With Amazon EBS, you can use any of the standard RAID configurations that you can use with a traditional bare metal server, as long as that particular RAID configuration is supported by the operating system for your instance. This is because all RAID is accomplished at the software level.

Amazon EBS volume data is replicated across multiple servers in an Availability Zone to prevent the loss of data from the failure of any single component. This replication makes Amazon EBS volumes ten times more reliable than typical commodity disk drives. For more information, see Amazon EBS Availability and Durability in the Amazon EBS product detail pages.

RAID configuration options

Creating a RAID 0 array allows you to achieve a higher level of performance for a file system than you can provision on a single Amazon EBS volume. Use RAID 0 when I/O performance is of the utmost importance. With RAID 0, I/O is distributed across the volumes in a stripe. If you add a volume, you get the straight addition of throughput and IOPS. However, keep in mind that performance of the stripe is limited to the worst performing volume in the set, and that the loss of a single volume in the set results in a complete data loss for the array.

The resulting size of a RAID 0 array is the sum of the sizes of the volumes within it, and the bandwidth is the sum of the available bandwidth of the volumes within it. For example, two 500 GiB io1 volumes with 4,000 provisioned IOPS each create a 1000 GiB RAID 0 array with an available bandwidth of 8,000 IOPS and 1,000 MiB/s of throughput.

Important

RAID 5 and RAID 6 are not recommended for Amazon EBS because the parity write operations of these RAID modes consume some of the IOPS available to your volumes. Depending on the configuration of your RAID array, these RAID modes provide 20-30% fewer usable IOPS than a RAID 0 configuration. Increased cost is a factor with these RAID modes as well; when using identical volume sizes and speeds, a 2-volume RAID 0 array can outperform a 4-volume RAID 6 array that costs twice as much.

RAID 1 is also not recommended for use with Amazon EBS. RAID 1 requires more Amazon EC2 to Amazon EBS bandwidth than non-RAID configurations because the data is written to multiple volumes simultaneously. In addition, RAID 1 does not provide any write performance improvement.

Create a RAID 0 array

Use the following procedure to create the RAID 0 array.

Considerations
  • Before you perform this procedure, you must decide how large your RAID 0 array should be and how many IOPS to provision.

  • Create volumes with identical size and IOPS performance values for your array. Make sure you do not create an array that exceeds the available bandwidth of your EC2 instance.

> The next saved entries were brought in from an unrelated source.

Lemma closure_gen_step (t : 'I_N) g :
  qeq (closure_rel w)
    (qsubst (closure_gen t) (phi_letter (crossing w t) g)) (closure_gen t.+1 g).
Proof.
have [touch_g | untouched_g] := boolP (touches (crossing w t) (xy_index g)).
  apply/qeq_sym/qeq_rel; right; exists t; apply/crossing_relsP; by exists g.
rewrite phi_letter_untouched // /closure_gen (@eq_xy_map _ _ (arc_at t.+1) (arc_at t)) //.
  exact: qeq_refl.
exact: arc_at_untouched.
Qed.

Lemma closure_gen_label k g :
  k <= N -> qeq (closure_rel w) (qsubst (closure_gen 0) (label k g)) (closure_gen k g).
Proof.
elim: k g => [|k IHk] g kN; first by rewrite label0; apply: qeq_refl.
rewrite (label_step (Ordinal kN)) qsubst_comp.
apply: qeq_trans (closure_gen_step (Ordinal kN) g).
by apply: qsubst_congr => h; apply: IHk; apply: ltnW.
Qed.

Definition closure_to_braid (v : xy arcs) : qterm (xy 'I_n) :=
  label (arc_level (xy_index v)) (xy_map arc_pos v).

Lemma closure_to_braid_out (s : 'I_N) (f : 'I_n -> arcs) g :
    touches (crossing w s) (xy_index g) -> f (xy_index g) = out_arc w s (xy_index g) ->
  closure_to_braid (xy_map f g) = label s.+1 g.
Proof.
move=> touch_s f_out; rewrite /closure_to_braid xy_index_map xy_map_comp f_out.
by rewrite xy_map_id_on //= f_out arc_pos_out.
Qed.

Lemma closure_to_braid_arc_at k g :
  k <= N -> qeq (braid_rel w) (closure_to_braid (xy_map (arc_at k) g)) (label k g).
Proof.
move=> kN; rewrite (@eq_xy_map _ _ _ (fun=> arc_at k (xy_index g))) //.
rewrite /arc_at; case: (last_touchP k (xy_index g)) => [s sk touch_s above_s | untouched_k].
  rewrite (closure_to_braid_out touch_s) // (@label_stable s.+1 k) ?sk //.
  exact: qeq_refl.
have -> : label k g = Gen g.
  by rewrite -(label0 g); apply: label_stable => // s' /andP[_]; apply: untouched_k.
have := top_arc_last (p := xy_index g).
case: last_touchP => [s _ touch_s above_s /(_ s erefl) -> | untouched_N _].
  rewrite (closure_to_braid_out touch_s) //.
  rewrite -(@label_stable s.+1 N) ?labelN ?ltn_ord ?leqnn //.
  exact/qeq_rel/braid_rel_phi_word.
have untouched_p : untouched w (xy_index g) by apply/untouchedP => s; apply/untouched_N.
rewrite top_arc_untouched /closure_to_braid xy_index_map xy_map_comp label0 xy_map_id_on //.
exact: qeq_refl.
Qed.

Lemma arc_level_le a : arc_level a <= N.
Proof. by case: a => [[t b] | //]; apply: ltn_ord. Qed.

Lemma closure_genN g : closure_gen N g = closure_gen 0 g.
Proof. by rewrite /closure_gen; congr Gen; apply: eq_xy_map; rewrite arc_atN arc_at0. Qed.

Lemma closure_to_braid_yg a : exists q, closure_to_braid (yg a) = Gen (yg q).
Proof. exact: phi_word_yg. Qed.

Lemma closure_to_braid_rel u v : closure_rel w u v ->
  qeq (braid_rel w) (qsubst closure_to_braid u) (qsubst closure_to_braid v).
Proof.
case=> [[r [s [-> ->]]] | [t /crossing_relsP [g _ [-> ->]]]] /=.
  have [[r' ->] [s' ->]] := (closure_to_braid_yg r, closure_to_braid_yg s).
  by apply: qeq_rel; right; right; exists r', s'.
apply: qeq_trans (closure_to_braid_arc_at g (ltn_ord t)) _.
rewrite label_step qsubst_comp; apply: qsubst_congr => h.
exact/qeq_sym/closure_to_braid_arc_at/ltnW.
Qed.

Lemma braid_to_closure_rel u v : braid_rel w u v ->
  qeq (closure_rel w) (qsubst (closure_gen 0) u) (qsubst (closure_gen 0) v).
Proof.
case=> [[p [-> ->]] | [[p [-> ->]] | [r [s [-> ->]]]]]; last first.
  by apply: qeq_rel; left; exists (arc_at 0 r), (arc_at 0 s).
all: by rewrite /= -labelN -closure_genN; apply: closure_gen_label.
Qed.

Lemma closure_to_braidK v :
  qeq (closure_rel w) (qsubst (closure_gen 0) (closure_to_braid v)) (Gen v).
Proof.
apply: qeq_trans (closure_gen_label _ (arc_level_le _)) _.
by rewrite /closure_gen xy_map_comp xy_map_id_on; [apply: qeq_refl | apply: arc_at_pos].
Qed.

Lemma closure_genK g :
  qeq (braid_rel w) (qsubst closure_to_braid (closure_gen 0 g)) (Gen g).
Proof. by rewrite -(label0 g); apply: closure_to_braid_arc_at. Qed.

End Closure.

Theorem theorem5 (n : nat) (w : seq (letter n)) :
  qpres_iso (closure_rel w) (braid_rel w).
Proof.
exists (qsubst (@closure_to_braid n w)), (qsubst (closure_gen w 0)); split.
- exact: qeq_qsubst (@closure_to_braid_rel n w).
- exact: qeq_qsubst (@braid_to_closure_rel n w).
- exact: qsubstK (@closure_to_braidK n w).
- exact: qsubstK (@closure_genK n w).
- by move=> a b; apply: qeq_refl.
Qed.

  • You should avoid booting from a RAID volume. If one of the devices fails, you might be unable to boot the operating system.

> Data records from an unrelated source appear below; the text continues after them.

Lemma gauge_le_sym b (x0 x1 : 'cV[R]_d) V v : V \in unitmx ->
  scaled b x0 V (x1 + v) -> scaled b x0 V (x1 - v) -> gauge V v <= b.
Proof.
rewrite /scaled /= => hV; rewrite !minkE // => hp hm.
have -> : v = 2^-1 *: ((x1 + v - x0) - (x1 - v - x0)).
  by apply/matrixP => i j; rewrite !mxE; field.
rewrite gaugeZ ger0_norm ?invr_ge0 //; apply: le_trans (ler_wpM2l _ (gaugeD _ _ _)) _.
  by rewrite invr_ge0.
by rewrite gaugeN; lra.
Qed.

Lemma MVEE_gauge_bound C b (x0 x1 : 'cV[R]_d) V (V1 : 'M[R]_d) u :
  (0 < d)%N -> V \in unitmx ->
  Defs.convex_set C -> compact C -> is_MVEE C x1 V1 -> C `<=` scaled b x0 V ->
  enorm u <= d%:R^-1 -> gauge V (V1 *m u) <= b.
Proof.
move=> hd hV hC cC hE sub hu; apply: (gauge_le_sym (x1 := x1)) => //; apply: sub.
  exact: MVEE_shrunk_sub.
by rewrite -mulmxN; apply: MVEE_shrunk_sub; rewrite ?enormN.
Qed.

End MVEEGauge.

Section Rounding.
Variables (R : realType) (d : nat).

Lemma round_int_vector (e : 'cV[R]_d) : exists2 p : 'cV[R]_d,
  forall i, p i 0 \is a Num.int & dotv (p - e) (p - e) <= d%:R / 4.
Proof.
exists (\col_i (Num.floor (e i 0 + 2^-1))%:~R) => [i|]; first by rewrite mxE intr_int.
have -> : d%:R / 4 = \sum_(i < d) (4^-1 : R).
  by rewrite sumr_const card_ord -[RHS]mulr_natr mulrC.
apply: ler_sum => i _; rewrite !mxE.
have /andP[lo hi] := floor_itv (e i 0 + 2^-1); rewrite intrD in hi.
nra.
Qed.

Lemma grid_point_near (M : 'M[R]_d) c z : M \in unitmx -> exists2 xg,
  forall i, (M *m xg + c) i 0 \is a Num.int & enorm (M *m (xg - z)) <= Num.sqrt d%:R / 2.
Proof.
move=> hM; have [p hp hpe] := round_int_vector (M *m z + c).
exists (invmx M *m (p - c)) => [i|]; first by rewrite mulKVmx // subrK.
have -> : M *m (invmx M *m (p - c) - z) = p - (M *m z + c).
  by rewrite mulmxBr mulKVmx // opprD addrA addrAC.
rewrite -(ler_pXn2r (n := 2)) ?nnegrE ?enorm_ge0 ?divr_ge0 ?sqrtr_ge0 //.
rewrite enorm_sq expr_div_n sqr_sqrtr ?ler0n //.
by apply: le_trans hpe _; rewrite expr2 -natrM.
Qed.

End Rounding.

Section Grid.
Variables (R : realType) (d : nat) (alpha : R) (x1 : 'cV[R]_d) (V1 M : 'M[R]_d).
Variable c : 'cV[R]_d.
Hypotheses (alpha0 : 0 < alpha) (hA : grid_map alpha x1 V1 M c).
Implicit Types (e u w : 'cV[R]_d) (V : 'M[R]_d).

Lemma grid_map_ballP e : enorm e <= alpha <->
  exists2 u, enorm u <= 1 & e = M *m x1 + c + d%:R^-1 *: (M *m (V1 *m u)).
Proof.
have E u : M *m (x1 + (d%:R^-1 *: V1) *m u) + c = M *m x1 + c + d%:R^-1 *: (M *m (V1 *m u)).
  by rewrite mulmxDr -scalemxAl -scalemxAr addrAC.
split => [he|[u hu ->]]; last first.
  rewrite -E; have : ((fun y => M *m y + c) @` ellipsoid x1 (d%:R^-1 *: V1))
    (M *m (x1 + (d%:R^-1 *: V1) *m u) + c).
    by exists (x1 + (d%:R^-1 *: V1) *m u) => //; exists u.
  by rewrite hA.2.
have : [set y | enorm y <= alpha] e by [].
by rewrite -hA.2 => -[_ [u [hu ->]] <-]; exists u; rewrite // E.
Qed.

Lemma grid_center : M *m x1 + c = 0.
Proof.
set c' := M *m x1 + c; have [//|c0] := eqVneq c' 0; exfalso.
have r0 := enorm_gt0 c0; set r := enorm c' in r0.
pose e := - (alpha / r) *: c'.
have [|u hu eE] := (grid_map_ballP e).1.
  by rewrite enormZ normrN gtr0_norm ?divr_gt0 // -/r mulfVK ?gt_eqF.
have : enorm (c' + d%:R^-1 *: (M *m (V1 *m (- u)))) <= alpha.
  by apply/grid_map_ballP; exists (- u); rewrite ?enormN.
have -> : c' + d%:R^-1 *: (M *m (V1 *m (- u))) = (2 + alpha / r) *: c'.
  rewrite !mulmxN scalerN (_ : d%:R^-1 *: _ = e - c'); last by rewrite eE addrC addKr.
  by apply/matrixP => i j; rewrite !mxE; ring.
rewrite enormZ -/r ger0_norm; last by rewrite addr_ge0 // divr_ge0 // ltW.
rewrite mulrDl mulfVK ?gt_eqF //; lra.
Qed.

Lemma grid_gauge_bound V (beta : R) : V \in unitmx ->
  (forall u, enorm u <= d%:R^-1 -> gauge V (V1 *m u) <= beta) ->
  forall w, alpha * gauge V w <= beta * enorm (M *m w).
Proof.
move=> hV hB w; have hM := hA.1.
have [w0|Mw0] := eqVneq (M *m w) 0.
  have -> : w = 0 by rewrite -(mulKmx hM w) w0 mulmx0.
  by rewrite mulmx0 enorm0 /gauge mulmx0 enorm0 !mulr0.
have r0 := enorm_gt0 Mw0; set r := enorm (M *m w) in r0 *.
have [|u hu eE] := (grid_map_ballP ((alpha / r) *: (M *m w))).1.
  by rewrite enormZ gtr0_norm ?divr_gt0 // mulfVK ?gt_eqF.
have wE : (alpha / r) *: w = V1 *m (d%:R^-1 *: u).
  apply: (can_inj (mulKmx hM)).
  by rewrite -scalemxAr eE grid_center add0r -!scalemxAr.
have hu' : enorm (d%:R^-1 *: u) <= d%:R^-1.
  by rewrite enormZ ger0_norm ?invr_ge0 // ler_piMr ?invr_ge0.
have := hB _ hu'; rewrite -wE gaugeZ gtr0_norm ?divr_gt0 //.
by rewrite mulrAC ler_pdivrMr // mulrC.
Qed.

Lemma grid_rounding V (beta gamma : R) : (0 < d)%N -> V \in unitmx -> 0 < beta ->
  0 < gamma + 1 -> 2 * (gamma + 1) * beta ^+ 2 * Num.sqrt d%:R <= alpha ->
  (forall u, enorm u <= d%:R^-1 -> gauge V (V1 *m u) <= beta) ->
  forall z, exists2 xg, (forall i, (M *m xg + c) i 0 \is a Num.int) &
    (1 + gamma) * gauge V (xg - z) <= (4 * beta)^-1.
Proof.
move=> hd hV b0 g0 halpha hB z; have [xg xg_int Mxg] := grid_point_near c z hA.1.
exists xg => //; have sd0 : 0 < Num.sqrt (d%:R : R) by rewrite sqrtr_gt0 ltr0n.
have := gauge_ge0 V (xg - z); set X := gauge V (xg - z) => X0.
have aX := grid_gauge_bound hV hB (xg - z); rewrite -/X in aX.
have : 2 * (gamma + 1) * beta ^+ 2 * Num.sqrt d%:R * X <= beta * (Num.sqrt d%:R / 2).
  apply: le_trans (ler_wpM2r X0 halpha) (le_trans aX _).
  by rewrite ler_wpM2l //; lra.
rewrite -[(4 * beta)^-1]div1r ler_pdivlMr; last lra.
have -> : 2 * (gamma + 1) * beta ^+ 2 * Num.sqrt d%:R * X =
  (1 + gamma) * X * (4 * beta) * (beta * (Num.sqrt d%:R / 2)) by field.
by rewrite -[X in _ <= X -> _]mul1r ler_pM2r ?mulr_gt0 ?divr_gt0 //; lra.
Qed.

End Grid.

Section GridSteps.
Variables (R : realType) (d : nat) (K K' : set 'cV[R]_d) (x0 : 'cV[R]_d).
Variables (V M : 'M[R]_d) (c : 'cV[R]_d) (beta : R).
Hypotheses (hV : V \in unitmx) (convK : Defs.convex_set K) (subK : K' `<=` K).
Hypothesis innerK' : scaled 1 x0 V `<=` K'.
Implicit Types (x xg z : 'cV[R]_d).

Lemma grid_step x xg z (t s : R) : 1 <= beta -> K x -> 0 <= t ->
  (forall i, (M *m xg + c) i 0 \is a Num.int) ->
  z = x0 + ((t + s) / (1 + t)) *: (x - x0) ->
  (1 + t) * gauge V (xg - z) + `|s| * mink x0 V x <= (2 * beta)^-1 ->
  gauge V (xg - z) + `|t + s| / (1 + t) * mink x0 V x <= beta ->
  grid_set (scaled beta x0 V `&` K) M c xg /\
  scaled (2 * beta)^-1 x0 V (xg + t *: (xg - x)).
Proof.
(* [z] is the point that the map [xg |-> xg + t (xg - x)] sends to [x0 + s (x - x0)]. *)
move=> b1 Kx t0 xg_int zE hy hxg; have t1 : 1 + t != 0 by rewrite gt_eqF //; lra.
set y := xg + t *: (xg - x).
have my : mink x0 V y <= (2 * beta)^-1.
  rewrite minkE //; have -> : y - x0 = (1 + t) *: (xg - z) + s *: (x - x0).
    by rewrite zE; apply/matrixP => i j; rewrite !mxE; field.
  apply: le_trans (gaugeD _ _ _) _.
  by rewrite !gaugeZ -(@minkE _ _ x0 V x hV) ger0_norm ?addr_ge0.
have Ky : K y.
  apply/subK/innerK'; apply: le_trans my _.
  by rewrite invf_le1 ?mulr_gt0 //; lra.
have Kxg : K xg.
  have -> : xg = (t / (1 + t)) *: x + (1 - t / (1 + t)) *: y.
    by apply/matrixP => i j; rewrite !mxE; field.
  apply: convK => //; rewrite divr_ge0 ?addr_ge0 //= ler_pdivrMr ?mul1r; lra.
split=> //; split=> //; split=> //.
rewrite /scaled /= minkE //.
have -> : xg - x0 = (xg - z) + ((t + s) / (1 + t)) *: (x - x0).
  by rewrite zE opprD addrA subrK.
apply: le_trans (gaugeD _ _ _) _.
rewrite gaugeZ -(@minkE _ _ x0 V x hV) normrM normfV.
by rewrite (ger0_norm (_ : 0 <= 1 + t)) //; lra.
Qed.

End GridSteps.

Section GridPoints.
Variables (R : realType) (d : nat) (K K' : set 'cV[R]_d) (x0 : 'cV[R]_d).
Variables (V M : 'M[R]_d) (c : 'cV[R]_d) (beta gamma : R).
Hypotheses (hV : V \in unitmx) (convK : Defs.convex_set K) (subK : K' `<=` K).
Hypothesis innerK' : scaled 1 x0 V `<=` K'.
Hypothesis near : forall z, exists2 xg, (forall i, (M *m xg + c) i 0 \is a Num.int) &
  (1 + gamma) * gauge V (xg - z) <= (4 * beta)^-1.

Lemma grid_point_inside x : (0 < d)%N -> 0 < gamma -> d%:R < beta ->
  K' x -> mink x0 V x <= d%:R -> exists xg,
  grid_set (scaled beta x0 V `&` K) M c xg /\
  scaled (2 * beta)^-1 x0 V (xg + gamma *: (xg - x)).
Proof.
move=> hd g0 hbd K'x mx.
have d1 : 1 <= (d%:R : R) by rewrite ler1n.
set z := x0 + (gamma / (1 + gamma)) *: (x - x0).
have [xg xg_int hX] := near z; exists xg.
have X0 := gauge_ge0 V (xg - z); set X := gauge V (xg - z) in X0 hX *.
have m0 : 0 <= mink x0 V x by rewrite minkE // gauge_ge0.
have rho0 : 0 < (4 * beta)^-1 by rewrite invr_gt0 mulr_gt0 //; lra.
have rho1 : (4 * beta)^-1 <= 1 by rewrite invf_le1 ?mulr_gt0 //; lra.
have rhoE : (2 * beta)^-1 = 2 * (4 * beta)^-1 by field; lra.
apply: (grid_step hV convK subK innerK' (z := z) (s := 0)) => //; rewrite -/z -/X.
- lra.
- exact: subK.
- exact: ltW.
- by rewrite addr0.
- by rewrite normr0 mul0r addr0 rhoE; lra.
have -> : `|gamma + 0| / (1 + gamma) = 1 - (1 + gamma)^-1.
  by rewrite addr0 gtr0_norm //; field; lra.
have ginv : 0 < (1 + gamma)^-1 < 1 by rewrite invr_gt0 invf_lt1; lra.
have : X <= (1 + gamma)^-1 * d%:R.
  by rewrite ler_pdivlMl; lra.
nra.
Qed.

To create a RAID 0 array on Linux
  1. Create the Amazon EBS volumes for your array. For more information, see Create an Amazon EBS volume.

  2. Attach the Amazon EBS volumes to the instance that you want to host the array. For more information, see Attach an Amazon EBS volume to an instance.

  3. Use the mdadm command to create a logical RAID device from the newly attached Amazon EBS volumes. Substitute the number of volumes in your array for number_of_volumes and the device names for each volume in the array (such as /dev/xvdf) for device_name. You can also substitute MY_RAID with your own unique name for the array.

    Note

    You can list the devices on your instance with the lsblk command to find the device names.

    To create a RAID 0 array, run the following command (note the --level=0 option to stripe the array):

    [ec2-user ~]$ sudo mdadm --create --verbose /dev/md0 --level=0 --name=MY_RAID --raid-devices=number_of_volumes device_name1 device_name2
    Tip

    If you get the mdadm: command not found error, use the following command to install mdadm: sudo yum install mdadm.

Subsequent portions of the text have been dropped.